Resolution rates, containment, CSAT, hallucination and ROI for conversational AI: what the independent data shows, where the evidence is strong, and where the numbers mislead. A rigorous, sourced analysis.

Silviu Major·Founder, Fiveleaf··Updated

There is no shortage of impressive statistics about conversational AI. Vendors publish them constantly: 90% containment, 95% accuracy, eightfold return on investment. The problem is that most of these numbers are either measuring the wrong thing, measuring it in a way designed to flatter, or quietly redefining the words to make a weak result look strong.

This piece is an attempt to do the opposite. We have gathered the independent performance data on conversational AI, covering resolution rates, containment, satisfaction, accuracy and cost, and tried to read it honestly, including where it is unflattering. The single most important lesson in the whole field is buried in the definitions, so we start there, because if you do not understand the metrics you will be sold a number that means nothing.

The metric that hides everything: containment is not resolution

The most-quoted performance number for a conversational agent is its containment rate, the percentage of conversations the AI handled without passing to a human. It is also the most misleading single number in the category, and understanding why is the key that unlocks everything else.

Containment only measures that the customer did not escalate. It does not measure whether their problem was solved. A customer can complete an entire automated workflow without resolving the underlying issue, give up in frustration, or simply not realise a human option existed. All of those count as contained. A high containment rate can mean the AI is resolving problems brilliantly, or it can mean the AI is a wall that customers cannot get past. The number alone cannot tell you which.

This is why serious practitioners insist that containment be read alongside two other metrics, never on its own. The first is CSAT, customer satisfaction. If containment rises while satisfaction falls, the AI is deflecting customers, not helping them. The second is recontact rate, the customers who return with the same issue within 24 to 72 hours. A high recontact rate is the clearest proof that a contained conversation was not actually resolved, whatever the containment number says.

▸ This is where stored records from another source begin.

(** Beyond the first block, approximate inside the tail. *)
Lemma approx b0 : nfb b0 = true -> forall th lo, nfb th = true -> th <o lastexp b0 ->
  nfb lo = true -> lo <o b0 ->
  exists g, nfb g = true /\ lo <o g /\ g <o b0 /\ th <=o lastexp g.
Proof.
  induction b0 as [|a IHa k b IHb]; intros Hb0 th lo Hth Hlast Hlo Hlt.
  { destruct lo; discriminate. }
  apply nfb_ocons in Hb0 as (H1&H2&H3).
  destruct b as [|a2 k2 b2]; [apply approx_block; auto|].
  rewrite lastexp_ocons in Hlast by discriminate.
  destruct (IHb H2 th zero Hth Hlast eq_refl eq_refl) as (g&G1&G2&G3&G4).
  assert (Gz : g <> zero) by (intro; subst; discriminate).
  destruct lo as [|a' k' b'].
  - exists (ocons a k g). repeat split; auto.
    + apply nfb_ocons. repeat split; auto.
      apply (below_mono _ _ (ocons a2 k2 b2)); auto. congruence.
    + rewrite compare_ocons_eq; auto.
    + rewrite lastexp_ocons; auto.
  - apply nfb_ocons in Hlo as (L1&L2&L3).
    assert (Hpre : exists g', nfb g' = true /\ ocons a' k' b' <o ocons a k g' /\
                              g' <o ocons a2 k2 b2 /\ th <=o lastexp g' /\ g' <> zero).
    { apply lt_ocons in Hlt. destruct Hlt as [Hlt|[-> [Hlt|[-> Hlt]]]].
      - exists g. repeat split; auto. apply lt_ocons; auto.
      - exists g. repeat split; auto. apply lt_ocons; auto.
      - destruct (IHb H2 th b' Hth Hlast L2 Hlt) as (g'&G1'&G2'&G3'&G4').
        exists g'. repeat split; auto.
        + rewrite compare_ocons_eq; auto.
        + intro; subst; destruct b'; discriminate. }
    destruct Hpre as (g'&G1'&G2'&G3'&G4'&Gz').
    exists (ocons a k g'). repeat split; auto.
    + apply nfb_ocons. repeat split; auto.
      apply (below_mono _ _ (ocons a2 k2 b2)); auto. congruence.
    + rewrite compare_ocons_eq; auto.
    + rewrite lastexp_ocons; auto.
Qed.

Lemma nf_fin k : nfb (fin k) = true.
Proof. destruct k; reflexivity. Qed.

Lemma opow_form alpha m :
  opow_nat (omega_pow (omega_pow (fin alpha))) (S m) = ocons (ocons (fin alpha) m zero) 0 zero.
Proof.
  induction m as [|m IH]; [reflexivity|].
  unfold opow_nat in *. simpl Nat.iter in *. rewrite IH.
  unfold omega_pow. simpl. rewrite compare_refl, Nat.add_0_r. reflexivity.
Qed.

Lemma index_form alpha m :
  omult (omega_pow (oplus (fin 1) (fin alpha))) (fin (S m)) = mulw (ocons (fin alpha) m zero).
Proof. reflexivity. Qed.

Lemma P_eq_dec {g} (a b : P g) : {a = b} + {a <> b}.
Proof.
  destruct a as [x hx], b as [y hy]. destruct (T1_eq_dec x y) as [E|E].
  - left. subst. f_equal. apply UIP_dec. apply bool_dec.
  - right. intro H. inversion H. auto.
Defined.

Lemma P_inj {g} (a b : P g) : proj1_sig a = proj1_sig b -> a = b.
Proof.
  destruct a as [x hx], b as [y hy]; simpl; intro; subst. f_equal. apply UIP_dec, bool_dec.
Qed.

Lemma P_nf {g} (a : P g) : nfb (proj1_sig a) = true.
Proof. destruct a as [x h]. simpl. apply andb_true_iff in h. tauto. Qed.

Lemma P_le {g} (a : P g) : proj1_sig a <=o g.
Proof. destruct a as [x h]. simpl. apply andb_true_iff in h as [_ h]. apply leb_iff; auto. Qed.

Lemma ltP_iff {g} (a b : P g) : ltP a b <-> proj1_sig a <o proj1_sig b.
Proof. apply ltb_iff. Qed.

Lemma find_left_point {g} (be : P g) th lo : nfb th = true -> th <o lastexp (proj1_sig be) ->
  in_interval lo None be ->
  exists ga : P g, in_interval lo (Some be) ga /\ th <=o lastexp (proj1_sig ga).
Proof.
  intros Hth Hlt Hlo.
  set (lo0 := match lo with None => zero | Some a => proj1_sig a end).
  assert (N0 : nfb lo0 = true) by (unfold lo0; destruct lo; auto; apply P_nf).
  assert (L0 : lo0 <o proj1_sig be).
  { unfold lo0. destruct lo as [a|].
    - apply ltP_iff, Hlo.
    - destruct (proj1_sig be); auto. destruct th; discriminate. }
  destruct (approx (proj1_sig be) (P_nf be) th lo0 Hth Hlt N0 L0) as (ga&G1&G2&G3&G4).
  assert (Hp : nfb ga && leb ga g = true).
  { apply andb_true_iff. split; auto. apply leb_iff, lt_le.
    eapply lt_le_trans; eauto. apply P_le. }
  exists (exist _ ga Hp). repeat split; auto.
  - unfold lo0 in G2. destruct lo; auto. apply ltP_iff; auto.
  - apply ltP_iff; auto.
Qed.

Lemma in_interval_left {g} lo hi (be b : P g) :
  in_interval lo (Some be) b -> in_interval lo hi be -> in_interval lo hi b.
Proof.
  intros [H1 H2] [H3 H4]. split; auto. destruct hi as [h|]; auto.
  apply ltP_iff. apply ltP_iff in H2. apply ltP_iff in H4. eapply lt_trans; eauto.
Qed.

Lemma list_max {g} (S : list (P g)) : S <> nil ->
  exists m, In m S /\ forall b, In b S -> proj1_sig b <=o proj1_sig m.
Proof.
  induction S as [|a S IH]; intros H; [congruence|].
  destruct S as [|a2 S'].
  - exists a. split; [left; auto|]. intros b [<-|[]]. rewrite compare_refl; discriminate.
  - destruct IH as (m&Hm&Hmax); [discriminate|].
    destruct (compare (proj1_sig a) (proj1_sig m)) eqn:E.
    + exists m. split; [right; auto|]. intros b [<-|Hb]; auto. congruence.
    + exists m. split; [right; auto|]. intros b [<-|Hb]; auto. congruence.
    + exists a. split; [left; auto|]. intros b [<-|Hb].
      * rewrite compare_refl; discriminate.
      * apply (le_trans _ (proj1_sig m)); auto. rewrite compare_sym, E; discriminate.
Qed.

Lemma sumlist_app {g} (f : P g -> R) l1 l2 :
  sumlist f (l1 ++ l2) = sumlist f l1 + sumlist f l2.
Proof. induction l1; simpl; [ring|rewrite IHl1; ring]. Qed.

Lemma sumlist_ext {g} (f h : P g -> R) l :
  (forall b, In b l -> f b = h b) -> sumlist f l = sumlist h l.
Proof. induction l; simpl; intros H; auto. rewrite H, IHl; auto. Qed.

Lemma sumlist_plus {g} (f h : P g -> R) l :
  sumlist (fun b => f b + h b) l = sumlist f l + sumlist h l.
Proof. induction l; simpl; [ring|rewrite IHl; ring]. Qed.

Lemma sumlist_scal {g} (f : P g -> R) c l :
  sumlist (fun b => c * f b) l = c * sumlist f l.
Proof. induction l; simpl; [ring|rewrite IHl; ring]. Qed.

Lemma sumlist_zero {g} (f : P g -> R) l : (forall b, In b l -> f b = 0) -> sumlist f l = 0.
Proof. induction l; simpl; intros H; auto. rewrite H, IHl; auto. ring. Qed.

Lemma sumlist_le {g} (f h : P g -> R) l :
  (forall b, In b l -> f b <= h b) -> sumlist f l <= sumlist h l.
Proof.
  induction l as [|a l IH]; simpl; intros H. lra.
  pose proof (H a (or_introl eq_refl)). pose proof (IH (fun b Hb => H b (or_intror Hb))). lra.
Qed.

Lemma sumlist_perm {g} (f : P g -> R) l l' : Permutation l l' -> sumlist f l = sumlist f l'.
Proof. induction 1; simpl; auto; lra. Qed.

Read together, these three form what one analysis calls the automation quality triangle: containment, CSAT and recontact as an inseparable set. Rising resolution with stable satisfaction confirms genuinely effective automation. Rising resolution with falling satisfaction signals containment masquerading as resolution. Any vendor who shows you a containment number without the other two is showing you half a picture, and usually the flattering half.

So when you see 90% containment on a sales slide, the correct response is a question. Contained, or resolved? And what happened to satisfaction and recontact while you got there?

What good performance actually looks like

With the definitions straight, the benchmark data becomes readable, and a consistent picture emerges across independent sources.

On containment, the realistic spread is wide. Most chatbots contain just 20 to 40% of conversations, while mature, well-built implementations reach 70 to 90%. One set of 2026 benchmarks puts most chatbots at 20 to 40% end-to-end resolution, with category leaders at 80 to 90%. The gap between those two groups is the whole story of the category, and we will come to what causes it shortly, because it is the most important finding here.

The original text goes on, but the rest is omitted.